Sembra questa una testimonianza del tutto superficiale, ma, a saperla leggere, ci disvela dati documentari decisivi. Pitecusa è dunque popolata da coloni provenienti, congiuntamente, dalle città euboiche di Calcide e di Eretria. Ciò significa che tale colonizzazione è da situare in età anteriore alla guerra lelantea che, sul suolo dell’Eubea, intorno alla metà dell’VIII secolo, contrappone frontalmente le città di Calcide ed Eretria in un lungo ed estenuante conflitto destinato a concludersi con la distruzione di quest’ultima città e con il logoramento della sua rivale. Solo prima dello scontro le due metropoli potevano infatti agire in coppia: cioè prima della metà dell’VIII secolo, che è appunto la data cui, per la colonizzazione di Pitecusa, riconduce la testimonianza archeologica.
La fondazione nel lontano Occidente costituisce non solo un ottimo trampolino di lancio per avventure commerciali in area tirrenica, ma – come precisa Strabone – assicura ai nuovi coloni grande prosperità sia per la fertilità della terra, sia per la presenza di miniere d’oro. Le miniere sono, probabilmente, frutto di una leggenda che però testimonia come nell’immaginario collettivo degli antichi navigatori l’isola fosse associata a un’idea di grande e sconfinata ricchezza. Ricchezza che – assicura sempre Strabone – non impedisce ai coloni di emigrare verso altri lidi quando l’isola è scossa da forti rivolgimenti tellurici e contemporaneamente dilaniata da profonde lotte fratricide fra Calcidesi ed Eretriesi.
Ma la nostra testimonianza, pertinente alle prime memorie euboiche presenti nel golfo di Napoli, è inoltre preziosa perché conferma l’esistenza di leggende relative a Tifeo e a Ulisse, rispettivamente nell’isola di Ischia e nell’area del vicino promontorio di Sorrento.

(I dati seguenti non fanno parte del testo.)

(* Let $s\ge 1$ and let $P^{(1)},\dots,P^{(s)}\in\mathbb{C}[z_1,\dots,z_d]$ be nonzero polynomials of total degrees $n_1,\dots,n_s$ respectively. Then \[ (n_1+\cdots+n_s)!\,\bigl\|P^{(1)}\cdots P^{(s)}\bigr\|_a^2\;\ge\;\bigl\|P^{(1)}\bigr\|_a^2\cdots\bigl\|P^{(s)}\bigr\|_a^2 . \]
   Context: For multi-indices $\alpha=(\alpha_1,\dots,\alpha_d)\in\mathbb{N}^d$ write $z^\alpha=z_1^{\alpha_1}\cdots z_d^{\alpha_d}$, $\alpha!=\alpha_1!\cdots\alpha_d!$, $|\alpha|=\alpha_1+\cdots+\alpha_d$. The apolar inner product on $\mathbb{C}[z_1,\dots,z_d]$ is defined, for $P=\sum_\alpha c_\alpha z^\alpha$ and $Q=\sum_\alpha d_\alpha z^\alpha$, by $\langle P,Q\rangle_a=\sum_{\alpha\in\mathbb{N}^d}\alpha!\,c_\alpha\overline{d_\alpha}$, and $\|P\|_a=\sqrt{\langle P,P\rangle_a}$. The total degree of $P$ is the largest $|\alpha|$ with $c_\alpha\neq0$. *)

From mathcomp Require Import all_boot all_algebra.
From mathcomp Require Import complex.
From mathcomp Require Import Rstruct.
From mathcomp Require Import mpoly.
Import GRing.Theory Num.Theory.

Set Implicit Arguments. Unset Strict Implicit. Unset Printing Implicit Defensive.

Local Open Scope ring_scope.

Definition C := (Rdefinitions.R)[i].

Definition mfact (d : nat) (m : 'X_{1..d}) : nat := (\prod_(i < d) (m i)`!)%N.

(* apolar inner product <P,Q>_a = sum_alpha alpha! c_alpha conj(d_alpha);
   terms with alpha outside the support of P vanish, so summing over
   msupp P is exactly the full sum. *)
Definition apolar_inner (d : nat) (P Q : {mpoly C[d]}) : C :=
  \sum_(m <- msupp P) (mfact m)%:R * P@_m * (Q@_m)^*.

Definition apolar_norm (d : nat) (P : {mpoly C[d]}) : C :=
  sqrtC (apolar_inner P P).

(* total degree of P (for P <> 0): msize P = 1 + max |alpha| over the support *)
Definition tdeg (d : nat) (P : {mpoly C[d]}) : nat := (msize P).-1.

(* Homogenizing a polynomial P of total degree n with one extra variable gives a
   form whose apolar square norm lies between ||P||_a^2 and n! ||P||_a^2, since the
   extra variable only adds a factor (n - |alpha|)! to each weight.  So it suffices
   to show ||F G||_a >= ||F||_a ||G||_a for forms F and G.  A coordinatewise
   Vandermonde identity writes ||F G||_a^2 as a sum of nonnegative terms
   |Y_f|^2 / W_f over labels f assigning a pair of exponents to each variable; the
   labels pairing an exponent of G with an exponent of F contribute exactly the
   products of the summands of ||F||_a^2 and ||G||_a^2, and the others are dropped. *)

From mathcomp Require Import all_boot all_order all_algebra.
From mathcomp Require Import complex.
From mathcomp Require Import Rstruct.
From mathcomp Require Import mpoly ssrcomplements.
From mathcomp Require Import ring zify.
Import Order.TTheory GRing.Theory Num.Theory.
Set Implicit Arguments. Unset Strict Implicit. Unset Printing Implicit Defensive.
Local Open Scope ring_scope.

Lemma leq_summand (D : nat) (f : 'I_D -> nat) c : (f c <= \sum_i f i)%N.
Proof. by rewrite (bigD1 c) //= leq_addr. Qed.

Lemma eq_from_leq_sum (D : nat) (f g : 'I_D -> nat) :
  (forall c, f c <= g c)%N -> (\sum_c f c = \sum_c g c)%N -> forall c, f c = g c.
Proof.
move=> le_fg eq_sum c.
have [_] := leqif_sum (P := predT) (fun i _ => leqif_eq (le_fg i)).
by rewrite eq_sum eqxx => /esym/forall_inP/(_ c isT)/eqP.
Qed.

Lemma exchange_big4 (R : nmodType) (A1 A2 A3 A4 A5 : finType)
    (G : A1 -> A2 -> A3 -> A4 -> A5 -> R) :
  \sum_a \sum_b \sum_c \sum_d \sum_e G a b c d e
  = \sum_e \sum_a \sum_b \sum_c \sum_d G a b c d e.
Proof.
under eq_bigr do under eq_bigr do under eq_bigr do rewrite exchange_big.
under eq_bigr do under eq_bigr do rewrite exchange_big.
under eq_bigr do rewrite exchange_big.
exact: exchange_big.
Qed.

Section FischerKernel.
Variable F : numClosedFieldType.

Lemma natr_fact_neq0 n : (n`!)%:R != 0 :> F.
Proof. by rewrite pnatr_eq0 -lt0n fact_gt0. Qed.

Lemma prodr_if_forall (D : nat) (P : pred 'I_D) (G : 'I_D -> F) :
  \prod_c (if P c then G c else 0) = if [forall c, P c] then \prod_c G c else 0.
Proof.
case: (boolP [forall c, P c]) => [/forallP h|].
  by apply: eq_bigr => c _; rewrite h.
rewrite negb_forall => /existsP[c hc].
by rewrite (bigD1 c) //= (negbTE hc) mul0r.
Qed.

Definition fischer_kernel (b g a m : nat) : F :=
  if (a <= g)%N && (b + a == g + m)%N then (b`! * g`!)%:R / ((g - a)`!)%:R else 0.

Lemma fischer_kernel_conj b g a m : (fischer_kernel b g a m)^* = fischer_kernel b g a m.
Proof.
by rewrite /fischer_kernel; case: ifP; rewrite ?rmorph0 // fmorph_div !rmorph_nat.
Qed.

Lemma fischer_kernel_sum_shift (B b g b' g' a : nat) :
    (b + g = b' + g')%N -> (b + g < B)%N -> (a <= g)%N ->
  \sum_(m < B) fischer_kernel b g' a m * fischer_kernel b' g a m / ((a`!)%:R * (m`!)%:R)
  = (b`! * g`! * ('C(g', a) * 'C(b', g - a)))%:R.
Proof.
move=> eq_deg ltB le_ag; have ltm : (b + a - g' < B)%N by lia.
rewrite (big_only1 (Ordinal ltm)) //=; last first.
  move=> m /eqP ne_m _; rewrite /fischer_kernel.
  case: ifP => [/andP[_ /eqP e]|]; last by rewrite !mul0r.
  by case: ne_m; apply: val_inj => /=; lia.
rewrite /fischer_kernel.
have [lt_g'a|le_ag'] := ltnP g' a; first by rewrite /= !mul0r (bin_small lt_g'a) muln0.
have [lt_bag'|le_g'ba] := ltnP (b + a) g'.
  have -> : (b + a == g' + (b + a - g'))%N = false by apply/eqP; lia.
  by rewrite andbF /= !mul0r (@bin_small b' (g - a)) ?muln0 //; lia.
have -> : (b + a == g' + (b + a - g'))%N by apply/eqP; lia.
have -> : (b' + a == g + (b + a - g'))%N by apply/eqP; lia.
rewrite le_ag /=.
have le_gab' : (g - a <= b')%N by lia.
have Eg' := bin_fact le_ag'; have Eb' := bin_fact le_gab'.
rewrite (_ : b' - (g - a) = b + a - g')%N in Eb'; last by lia.
rewrite -{1}Eg' -{1}Eb' !natrM.
by field; rewrite !natr_fact_neq0.
Qed.

(* The right-hand side is the apolar product of z^(b+g) and z^(b'+g'); on the
   diagonal the identity is Vandermonde's convolution. *)
Lemma sum_fischer_kernel (B b g b' g' : nat) : (b + g < B)%N -> (b' + g' < B)%N ->
  \sum_(a < B) \sum_(m < B)
      fischer_kernel b g' a m * fischer_kernel b' g a m / ((a`!)%:R * (m`!)%:R)
  = if (b + g == b' + g')%N then ((b + g)`!)%:R else 0.
Proof.
move=> ltB ltB'; case: eqP => [eq_deg|ne_deg]; last first.
  apply: big1 => a _; apply: big1 => m _; rewrite /fischer_kernel.
  case: ifP => [/andP[_ /eqP e1]|]; last by rewrite !mul0r.
  case: ifP => [/andP[_ /eqP e2]|]; last by rewrite mulr0 mul0r.
  by case: ne_deg; lia.
pose T a := (b`! * g`! * ('C(g', a) * 'C(b', g - a)))%N.
transitivity (\sum_(a < B | (a < g.+1)%N) (T a)%:R : F).
  rewrite [RHS]big_mkcond /=; apply: eq_bigr => a _; rewrite ltnS.
  case: leqP => [le_ag|lt_ga]; first exact: fischer_kernel_sum_shift.
  by apply: big1 => m _; rewrite [fischer_kernel b' _ _ _]/fischer_kernel leqNgt lt_ga mulr0 mul0r.
rewrite -(big_ord_widen _ (fun a => (T a)%:R : F)); last by lia.
rewrite -natr_sum -big_distrr /= binomial.Vandermonde (_ : g' + b' = b + g)%N; last by lia.
by rewrite -(bin_fact (leq_addl b g)) addnK mulnC (mulnC b`!).
Qed.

Il ricordo di Tifeo, schiacciato sotto l’isola di Pitecusa, si ricollega alla saga della Gigantomachia, divulgatissima proprio presso gli Eubei, che traspongono dalla Calcidica alla regione del golfo di Napoli l’ubicazione dei Campi Flegrei dove Zeus avrebbe trionfato sui suoi smisurati, quanto sconsiderati, rivali. Il corpo di uno di essi, Tifeo, è appunto sepolto per sempre sotto l’isola di Pitecusa: la quale, proprio per questo, e per scherno, è definita «isola delle Scimmie» con una falsa etimologia che irride il rivale di Zeus.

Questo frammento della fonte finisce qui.